### AIM OF THE EXERCISE
Return verbatim all lines from the first one in the records to the line with "parent_velocity q qd = parent_velocity", both ends kept.

[Opening DATA SECTION section]

Definition joint_coupling q qd : R :=
  dot6 (Phi i) (mv6 (inertia_hat (dpi i)) (mv6 (XJ i (q i)) (parent_velocity q qd))).

Definition joint_axis_inertia : R := dot6 (Phi i) (mv6 (inertia_hat (dpi i)) (Phi i)).

Definition joint_power q qd : R :=
  dot6 (Phi i) (mv6 (inertia_hat (dpi i)) (vel q qd i)).

Lemma energy_sum_expand q qd :
  energy_sum q qd i = folded_energy q qd + joint_rotation_energy q qd
                      + 2 * qd i * joint_coupling q qd + qd i ^ 2 * joint_axis_inertia.
Proof.
  unfold folded_energy, joint_rotation_energy, joint_coupling, joint_axis_inertia,
    parent_velocity, Defs.energy_sum.
  simpl (i - 1)%nat. simpl (i - 2)%nat. rewrite Nat.sub_0_r.
  cbn [rsum]. rewrite (vel_succ q qd (S m)).
  rewrite qf6_joint_step by apply inertia_hat_sym.
  rewrite qf6_madd, qf6_congruence. ring.
Qed.

Lemma joint_power_expand q qd :
  joint_power q qd = joint_coupling q qd + qd i * joint_axis_inertia.
Proof.
  unfold joint_power, joint_coupling, joint_axis_inertia, parent_velocity.
  simpl (i - 1)%nat. rewrite (vel_succ q qd (S m)), <- (mv6_mm6 (XJ i (q i))).
  unfold dot6, mv6; simpl; ring.
Qed.

Lemma parent_velocity_prefix q q' qd qd' :
  (forall j, (j < i)%nat -> q j = q' j /\ qd j = qd' j) ->
  parent_velocity q qd = parent_velocity q' qd'.
Proof. intros H. unfold parent_velocity. f_equal. apply vel_prefix. intros; apply H; lia. Qed.

Lemma folded_energy_prefix q q' qd qd' :
  (forall j, (j < i)%nat -> q j = q' j /\ qd j = qd' j) ->
  folded_energy q qd = folded_energy q' qd'.
Proof.
  intros H. unfold folded_energy.
  rewrite (vel_prefix q q' qd qd'), (energy_sum_prefix q q' qd qd') by (intros; apply H; lia).
  reflexivity.
Qed.

Lemma joint_coefs_fupd_qd q qd s :
  joint_rotation_energy q (fupd qd i s) = joint_rotation_energy q qd /\
  joint_coupling q (fupd qd i s) = joint_coupling q qd.
Proof.
  assert (Hpv : parent_velocity q (fupd qd i s) = parent_velocity q qd).
  { apply parent_velocity_prefix. intros j Hj. rewrite fupd_lt by lia. auto. }
  unfold joint_rotation_energy, joint_coupling. rewrite Hpv. auto.
Qed.

Lemma energy_sum_fupd_qd q qd s :
  energy_sum q (fupd qd i s) i = folded_energy q qd + joint_rotation_energy q qd
                                 + 2 * s * joint_coupling q qd + s ^ 2 * joint_axis_inertia.
Proof.
  destruct (joint_coefs_fupd_qd q qd s) as [Ha Hb].
  rewrite energy_sum_expand, <- Ha, <- Hb, fupd_eq.
  rewrite (folded_energy_prefix q q (fupd qd i s) qd); [reflexivity|].
  intros j Hj. rewrite fupd_lt by lia. auto.
Qed.

Lemma joint_power_fupd_qd q qd s :
  joint_power q (fupd qd i s) = joint_coupling q qd + s * joint_axis_inertia.
Proof.
  rewrite joint_power_expand, fupd_eq. f_equal. apply joint_coefs_fupd_qd.
Qed.

Hypothesis XJ_zero : meq6 (XJ i 0) idm.

Lemma joint_rotation_energy_zero q qd : joint_rotation_energy (fupd q i 0) qd = 0.
Proof.
  unfold joint_rotation_energy. rewrite fupd_eq, qf6_msub, qf6_congruence.
  rewrite (qf6_ext (mv6 (XJ i 0) _) (parent_velocity (fupd q i 0) qd))
    by (intros; apply mv6_idm; auto).
  ring.
Qed.

Lemma energy_sum_eq0_iff :
  (forall q qd, energy_sum q qd i = 0) <->
  (forall q qd, joint_power q qd = 0) /\
  (forall q qd, joint_rotation_energy q qd = 0) /\
  (forall q qd, folded_energy q qd = 0).
Proof.
  split.
  - intros H.
    assert (Hcoef : forall q qd, folded_energy q qd + joint_rotation_energy q qd = 0
                                 /\ joint_coupling q qd = 0 /\ joint_axis_inertia = 0).
    { intros q qd. apply quadratic_coefs_eq0. intros s.
      rewrite <- energy_sum_fupd_qd. apply H. }
    assert (Hfold : forall q qd, folded_energy q qd = 0).
    { intros q qd. destruct (Hcoef (fupd q i 0) qd) as [Hc _].
      rewrite joint_rotation_energy_zero in Hc.
      rewrite (folded_energy_prefix (fupd q i 0) q qd qd) in Hc; [lra|].
      intros j Hj. rewrite fupd_lt by lia. auto. }
    split; [|split]; intros q qd; [| |apply Hfold].
    + destruct (Hcoef q qd) as [_ [Hb Hp]]. rewrite joint_power_expand, Hb, Hp. ring.
    + destruct (Hcoef q qd) as [Hc _]. rewrite Hfold in Hc. lra.
  - intros [Hpow [Hrot Hfold]] q qd.
    destruct (affine_coefs_eq0 (joint_coupling q qd) joint_axis_inertia) as [Hb Hp].
    { intros s. rewrite <- joint_power_fupd_qd. apply Hpow. }
    rewrite energy_sum_expand, Hfold, Hrot, Hb, Hp. ring.
Qed.
Lemma card_munion X Y : X \in munion B1 B2 -> Y \in munion B1 B2 -> #|X| = #|Y|.
Proof.
suff le_card X' Y' : X' \in munion B1 B2 -> Y' \in munion B1 B2 -> #|X'| <= #|Y'|.
  by move=> XU YU; apply/eqP; rewrite eqn_leq !le_card.
move=> XU YU; rewrite leqNgt; apply/negP => ltYX.
have [z] := union_indep_augment (munion_union_indep YU) (munion_union_indep XU) ltYX.
rewrite inE => /andP[zY _] [C1 [C2 [C1B C2B zYC]]].
have eC := munion_max YU C1B C2B (subset_trans (subsetUr _ _) zYC).
by move: (subsetP zYC z); rewrite eC !inE eqxx (negbTE zY) => /(_ isT).
Qed.

Lemma munion_matroid : is_matroid (munion B1 B2).
Proof.
split.
  have [C1 C1B] := set0Pn _ matB1.1; have [C2 C2B] := set0Pn _ matB2.1.
  by have [W WU _] := munion_exists C1B C2B; apply/set0Pn; exists W.
move=> X Y XU YU x; rewrite inE => /andP[xY xX].
have uX : union_indep B1 B2 (X :\ x) := union_indepS (subsetDl _ _) (munion_union_indep XU).
have cX : #|X| = (#|X :\ x|).+1 by rewrite (cardsD1 x X) xX.
have ltXY : #|X :\ x| < #|Y| by rewrite -(card_munion XU YU) cX.
have [z] := union_indep_augment uX (munion_union_indep YU) ltXY.
rewrite !inE => /andP[zXx zY] [C1 [C2 [C1B C2B zXC]]].
have zx : z != x by apply: contraNneq xY => <-.
have zX : z \notin X by move: zXx; rewrite zx.
exists z; first by rewrite inE zX zY.
have [W WU CW] := munion_exists C1B C2B.
suff -> : z |: (X :\ x) = W by [].
apply/eqP; rewrite eqEcard (subset_trans zXC CW) /= -(card_munion XU WU).
by rewrite (card_swap xX zX).
Qed.

Lemma mrank_munion_le A : mrank (munion B1 B2) A <= mrank B1 A + mrank B2 A.
Proof.
apply/bigmax_leqP=> _ /munion_cover[C1 [C2 [C1B C2B ->]]].
rewrite setIUr; apply: leq_trans (leq_card_setU _ _) _.
by rewrite leq_add ?mrank_max.
Qed.

Lemma mrank_munion_ge A : exists2 Y : {set E}, Y \subset A &
  mrank B1 Y + mrank B2 Y + #|A :\: Y| <= mrank (munion B1 B2) A.
Proof.
have rf1 := mrank_rank_fun matB1; have rf2 := mrank_rank_fun matB2.
have [I [Y [IA YA r1I r2I bound]]] := rank_intersection A rf1 (rank_fun_dual_rank rf2 A).
exists Y => //; move: r2I bound; rewrite /dual_rank.
have -> : A :\: (A :\: Y) = Y by rewrite setDDr setDv set0U; apply/setIidPr.
have [J [iJ JAI cJ]] := mrank_witness matB2 (A :\: I).
have IJ : #|I :|: J| = #|I| + #|J|.
  apply/eqP; rewrite (leq_card_setU I J).2 disjoint_sym disjoints_subset.
  by apply: subset_trans JAI _; apply/subsetP=> w; rewrite !inE => /andP[].
have IJA : I :|: J \subset A by rewrite subUset IA (subset_trans JAI (subsetDl _ _)).
have := union_indep_leq_mrank (union_indepU (mrank_indep matB1 r1I) iJ) IJA.
have := rank_le_setD rf2 A I; have := rankS rf2 (subsetDl A I).
have := rank_le_setD rf2 A (A :\: Y); rewrite setDDr setDv set0U (setIidPr YA).
lia.
Qed.

Lemma munion_uniformly_dense :
  uniformly_dense B1 -> uniformly_dense B2 -> uniformly_dense (munion B1 B2).
Proof.
move=> dense1 dense2 A A0; have [Y YA rankY] := mrank_munion_ge A.
have dense_on (B : {set {set E}}) : uniformly_dense B ->
    #|Y| * mrank B [set: E] <= #|E| * mrank B Y.
  by move=> denseB; have [-> | Y0] := eqVneq Y set0; [rewrite cards0 | apply: denseB].
(* |A| r(E) <= |Y| (r1(E) + r2(E)) + |A \ Y| |E|
            <= |E| (r1(Y) + r2(Y) + |A \ Y|) <= |E| r(A). *)
have leR : mrank (munion B1 B2) [set: E] <= #|E| by rewrite -cardsT mrank_le_card.
have := mrank_munion_le [set: E]; have := dense_on _ dense1; have := dense_on _ dense2.
rewrite -(cardsID Y A) (setIidPr YA); nia.
Qed.

End Union.

End Matroid.

Theorem corollary2p8 (E : finType) (B1 B2 : {set {set E}}) :
  is_matroid B1 -> loopless B1 -> uniformly_dense B1 ->
  is_matroid B2 -> loopless B2 -> uniformly_dense B2 ->
  is_matroid (mmeet B1 B2) /\ uniformly_dense (mmeet B1 B2).
Proof.
move=> mat1 _ dense1 mat2 _ dense2.
have [matD1 matD2] := (mdual_matroid mat1, mdual_matroid mat2).
have matU := munion_matroid matD1 matD2.
split; first exact: mdual_matroid.
apply: mdual_uniformly_dense => //.
exact: munion_uniformly_dense
  (mdual_uniformly_dense mat1 dense1) (mdual_uniformly_dense mat2 dense2).
Qed.
(* Let $\sigma$ be a non-negative integer and $f\in H^2_\sigma(\mathbb{D})$. Then for every $a\in\mathbb{D}$ there is a constant $C(\sigma,a)$, depending only on $\sigma$ and $a$, such that for all integers $n\ge 1$ $$\left|\left\langle f,\frac{k_{n,a}}{\|k_{n,a}\|}\right\rangle\right|\le C(\sigma,a)\,\frac{1}{n^{\sigma}}\,\|f\|_{H^2_\sigma}.$$
   Context: $\mathbb{D}$ is the open unit disc; $H^2(\mathbb{D})$ the Hardy space with inner product $\langle f,g\rangle=\frac{1}{2\pi}\int_0^{2\pi}f(e^{it})\overline{g(e^{it})}\,dt$ (for $f=\sum c_kz^k$, $\|f\|^2=\sum|c_k|^2$). For $n\in\mathbb{N}$, $a\in\mathbb{D}$: $k_{n,a}(z)=\left(\frac{\partial}{\partial\overline{a}}\right)^n\frac{1}{1-\overline{a}z}=\frac{n!\,z^n}{(1-\overline{a}z)^{n+1}}$. For $\sigma\ge 0$ the Hardy–Sobolev space is $H^2_\sigma(\mathbb{D})=\{f(z)=\sum_{k\ge0}c_kz^k:\ \sum_{k\ge0}|(1+k^\sigma)c_k|^2<\infty\}$ with $\|f\|_{H^2_\sigma}=\left(\sum_{k\ge0}|(1+k^\sigma)c_k|^2\right)^{1/2}$. *)

From Stdlib Require Import Reals.
From Coquelicot Require Import Coquelicot.
Open Scope R_scope.

(* An element f(z) = sum_k c_k z^k of H^2(D) (or of a subspace of it) is
   represented by its Taylor coefficient sequence c : nat -> C. *)

Definition H2inner (c d : nat -> C) : C :=
  (Series (fun k => Re (c k * Cconj (d k))%C),
   Series (fun k => Im (c k * Cconj (d k))%C)).

Definition H2norm (d : nat -> C) : R :=
  sqrt (Series (fun k => Cmod (d k) ^ 2)).

Definition sob_weight (sigma k : nat) : R := 1 + INR k ^ sigma.

Definition in_H2sigma (sigma : nat) (c : nat -> C) : Prop :=
  ex_series (fun k => (sob_weight sigma k * Cmod (c k)) ^ 2).

Definition H2sigma_norm (sigma : nat) (c : nat -> C) : R :=
  sqrt (Series (fun k => (sob_weight sigma k * Cmod (c k)) ^ 2)).
(* Let $W$ be a finite-dimensional irreducible $H'_n(m)$-module and $\alpha,\beta\in\mathbb C^n$. Then $(\pi_{\alpha,\beta},L(W))$ is an irreducible $A_n(m)\rtimes H_n(m)$-module.
   Context: $n=2k$, $\bar\Gamma=m_1\mathbb Z\oplus\dots\oplus m_n\mathbb Z$, $A_n(m)=\mathbb C[t_1^{\pm m_1},\dots,t_n^{\pm m_n}]$ with monomials $t^r$, $r\in\bar\Gamma$. $(\cdot,\cdot)$ is the standard bilinear form on $\mathbb C^n$, $\bar r=(r_{k+1},\dots,r_{2k},-r_1,\dots,-r_k)$, $d_i=t_i\partial_{t_i}$, $D(u,r)=\sum_iu_it^rd_i$. $H_n(m)=\mathrm{span}\{d_i,\ h_r=D(\bar r,r): r\in\bar\Gamma\}$, a Lie algebra of derivations of $A_n(m)$, and $A_n(m)\rtimes H_n(m)$ is the semidirect product with $A_n(m)$ abelian and $[D(u,r),t^s]=(u,s)t^{r+s}$. $I(\bar r,r)=D(\bar r,r)-D(\bar r,0)$ and $H'_n(m)=\mathrm{span}\{I(\bar r,r):r\in\bar\Gamma\}$, a Lie subalgebra of $H_n(m)$. For an $H'_n(m)$-module $W$ and $\alpha,\beta\in\mathbb C^n$, $L(W)=W\otimes A_n(m)$ with action $D(\bar r,r)(w\otimes t^s)=(I(\bar r,r)w)\otimes t^{r+s}+(\bar r,\beta+s)w\otimes t^{r+s}$ ($0\ne r$), $D(u,0)(w\otimes t^s)=(u,\alpha+s)w\otimes t^s$, $t^r(w\otimes t^s)=w\otimes t^{r+s}$; this module is denoted $(\pi_{\alpha,\beta},L(W))$. *)

From HB Require Import structures.
From mathcomp Require Import all_boot all_order all_algebra.
From mathcomp Require Import complex.
From mathcomp Require Import reals.
Set Implicit Arguments. Unset Strict Implicit. Unset Printing Implicit Defensive.
Import Order.TTheory GRing.Theory Num.Theory.
Local Open Scope ring_scope.

Section Defs.
Variable C : fieldType.
Variable k : nat.
Local Notation n := (k + k)%N.
Local Notation Zn := 'rV[int]_n.
Local Notation Cn := 'rV[C]_n.

Definition rbar (r : Zn) : Zn := row_mx (rsubmx r) (- lsubmx r).
Definition toC (r : Zn) : Cn := map_mx (fun z : int => z%:~R) r.
Definition form (u v : Cn) : C := \sum_(i < n) u ord0 i * v ord0 i.
Definition inGamma (m : 'I_n -> nat) (r : Zn) : Prop :=
  forall i, ((m i)%:Z %| r ord0 i)%Z.

Variable W : vectType C.

(* A representation of H'_n(m) on W, given by the images rho r of the basis
   elements I(rbar,r) (r in barGamma, r <> 0; I(0bar,0) = 0). *)
Definition Hprime_module (m : 'I_n -> nat) (rho : Zn -> 'End(W)) : Prop :=
  (forall w, rho 0 w = 0) /\
  forall r s, inGamma m r -> inGamma m s -> forall w,
    rho r (rho s w) - rho s (rho r w)
    = form (toC (rbar r)) (toC s) *: (rho (r + s) w - rho r w - rho s w).

Definition Hprime_irreducible (m : 'I_n -> nat) (rho : Zn -> 'End(W)) : Prop :=
  Hprime_module m rho /\ (0 < \dim (fullv : {vspace W}))%N /\
  forall U : {vspace W},
    (forall r, inGamma m r -> forall w, w \in U -> rho r w \in U) ->
    U = 0%VS \/ U = fullv.

(* L(W) = W (x) A_n(m) = finitely supported functions barGamma -> W;
   f corresponds to sum_s f(s) (x) t^s *)
Definition LW (m : 'I_n -> nat) (f : Zn -> W) : Prop :=
  (exists s : seq Zn, forall x, f x != 0 -> x \in s) /\
  (forall x, f x != 0 -> inGamma m x).

Definition act_t (r : Zn) (f : Zn -> W) : Zn -> W := fun x => f (x - r).
Definition act_D0 (alpha : Cn) (u : Cn) (f : Zn -> W) : Zn -> W :=
  fun x => form u (alpha + toC x) *: f x.
(* h_r = D(rbar,r) *)
Definition act_h (rho : Zn -> 'End(W)) (beta : Cn) (r : Zn) (f : Zn -> W)
  : Zn -> W :=
  fun x => rho r (f (x - r)) + form (toC (rbar r)) (beta + toC (x - r)) *: f (x - r).

Definition ops_linear (m : 'I_n -> nat) (X : (Zn -> W) -> (Zn -> W)) : Prop :=
  (forall f, LW m f -> LW m (X f)) /\
  (forall f g, LW m f -> LW m g -> forall x, X (fun y => f y + g y) x = X f x + X g x) /\
  (forall c f, LW m f -> forall x, X (fun y => c *: f y) x = c *: X f x).

(* (pi_{alpha,beta}, L(W)) is a module of the Lie algebra A_n(m) x| H_n(m),
   described on the spanning set t^r, D(u,0), h_r (r in barGamma). *)
Definition AH_module (m : 'I_n -> nat) (alpha beta : Cn) (rho : Zn -> 'End(W)) : Prop :=
  (forall r, inGamma m r -> ops_linear m (act_t r)) /\
  (forall u, ops_linear m (act_D0 alpha u)) /\
  (forall r, inGamma m r -> ops_linear m (act_h rho beta r)) /\
  (forall u v f x, act_D0 alpha (u + v) f x = act_D0 alpha u f x + act_D0 alpha v f x) /\
  (forall c u f x, act_D0 alpha (c *: u) f x = c *: act_D0 alpha u f x) /\
  (forall f, LW m f -> forall x, act_h rho beta 0 f x = 0) /\
  (forall r s f, inGamma m r -> inGamma m s -> LW m f -> forall x,
     act_t r (act_t s f) x - act_t s (act_t r f) x = 0) /\
  (forall u s f, inGamma m s -> LW m f -> forall x,
     act_D0 alpha u (act_t s f) x - act_t s (act_D0 alpha u f) x
     = form u (toC s) *: act_t s f x) /\
  (forall r s f, inGamma m r -> inGamma m s -> LW m f -> forall x,
     act_h rho beta r (act_t s f) x - act_t s (act_h rho beta r f) x
     = form (toC (rbar r)) (toC s) *: act_t (r + s) f x) /\
  (forall u v f, LW m f -> forall x,
     act_D0 alpha u (act_D0 alpha v f) x - act_D0 alpha v (act_D0 alpha u f) x = 0) /\
  (forall u s f, inGamma m s -> LW m f -> forall x,
     act_D0 alpha u (act_h rho beta s f) x - act_h rho beta s (act_D0 alpha u f) x
     = form u (toC s) *: act_h rho beta s f x) /\
  (forall r s f, inGamma m r -> inGamma m s -> LW m f -> forall x,
     act_h rho beta r (act_h rho beta s f) x - act_h rho beta s (act_h rho beta r f) x
     = form (toC (rbar r)) (toC s) *: act_h rho beta (r + s) f x).

Definition LW_submodule (m : 'I_n -> nat) (alpha beta : Cn) (rho : Zn -> 'End(W))
  (S : (Zn -> W) -> Prop) : Prop :=
  (forall f, S f -> LW m f) /\
  S (fun _ => 0) /\
  (forall f g, S f -> S g -> S (fun x => f x + g x)) /\
  (forall c f, S f -> S (fun x => c *: f x)) /\
  (forall r f, inGamma m r -> S f -> S (act_t r f)) /\
  (forall u f, S f -> S (act_D0 alpha u f)) /\
  (forall r f, inGamma m r -> S f -> S (act_h rho beta r f)).

Definition LW_irreducible (m : 'I_n -> nat) (alpha beta : Cn) (rho : Zn -> 'End(W))
  : Prop :=
  AH_module m alpha beta rho /\
  (exists f, LW m f /\ exists x, f x != 0) /\
  forall S, LW_submodule m alpha beta rho S ->
    (forall f, S f -> forall x, f x = 0) \/ (forall f, LW m f -> S f).

End Defs.

(* The proof has three parts.
   1. Module structure: t^r, D(u,0) and h_r preserve L(W), are linear and
      satisfy the brackets of A_n(m) x| H_n(m).  Everything reduces to how the
      weights (u, v + x) shift under translation of x, except [h_r, h_s], which
      also uses the H'_n(m)-relation of rho and the fact that (rbar r, s) is an
      alternating form.
   2. Weight separation: D(e_i,0) acts on w (x) t^z by alpha_i + z_i; in
      characteristic 0 these weights separate the points of barGamma, so a
      nonzero submodule contains a nonzero element supported at one point,
      and (translating by some t^-x) a nonzero element of W (x) t^0.
   3. Generation: for a submodule S, the w with w (x) t^0 in S form a subspace
      of W stable under every rho r (because t^-r h_r acts on W (x) t^0 as
      rho r plus a scalar); by part 2 and irreducibility it is all of W, and
      the translates t^y (W (x) t^0) = W (x) t^y span L(W).
   The argument works over any ordered field (numFieldType) and does not use
   the positivity of the m_i. *)

From Pilot Require Import Defs.
From HB Require Import structures.
From mathcomp Require Import all_boot all_order all_algebra.
From mathcomp Require Import complex.
From mathcomp Require Import reals.
From mathcomp Require Import boolp ring.
Import GRing.Theory Num.Theory.
Local Open Scope ring_scope.

Set Implicit Arguments.
Unset Strict Implicit.
Unset Printing Implicit Defensive.

Section FormAlgebra.
Variables (C : fieldType) (k : nat).
Local Notation n := (k + k)%N.
Local Notation Zn := 'rV[int]_n.
Local Notation Cn := 'rV[C]_n.
Local Notation form := (@Defs.form C k).
Local Notation toC := (@Defs.toC C k).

[Closing DATA SECTION section]

### WRITTEN RESPONSE
Definition joint_coupling q qd : R :=
  dot6 (Phi i) (mv6 (inertia_hat (dpi i)) (mv6 (XJ i (q i)) (parent_velocity q qd))).

Definition joint_axis_inertia : R := dot6 (Phi i) (mv6 (inertia_hat (dpi i)) (Phi i)).

Definition joint_power q qd : R :=
  dot6 (Phi i) (mv6 (inertia_hat (dpi i)) (vel q qd i)).

Lemma energy_sum_expand q qd :
  energy_sum q qd i = folded_energy q qd + joint_rotation_energy q qd
                      + 2 * qd i * joint_coupling q qd + qd i ^ 2 * joint_axis_inertia.
Proof.
  unfold folded_energy, joint_rotation_energy, joint_coupling, joint_axis_inertia,
    parent_velocity, Defs.energy_sum.
  simpl (i - 1)%nat. simpl (i - 2)%nat. rewrite Nat.sub_0_r.
  cbn [rsum]. rewrite (vel_succ q qd (S m)).
  rewrite qf6_joint_step by apply inertia_hat_sym.
  rewrite qf6_madd, qf6_congruence. ring.
Qed.

Lemma joint_power_expand q qd :
  joint_power q qd = joint_coupling q qd + qd i * joint_axis_inertia.
Proof.
  unfold joint_power, joint_coupling, joint_axis_inertia, parent_velocity.
  simpl (i - 1)%nat. rewrite (vel_succ q qd (S m)), <- (mv6_mm6 (XJ i (q i))).
  unfold dot6, mv6; simpl; ring.
Qed.

Lemma parent_velocity_prefix q q' qd qd' :
  (forall j, (j < i)%nat -> q j = q' j /\ qd j = qd' j) ->
  parent_velocity q qd = parent_velocity q' qd'.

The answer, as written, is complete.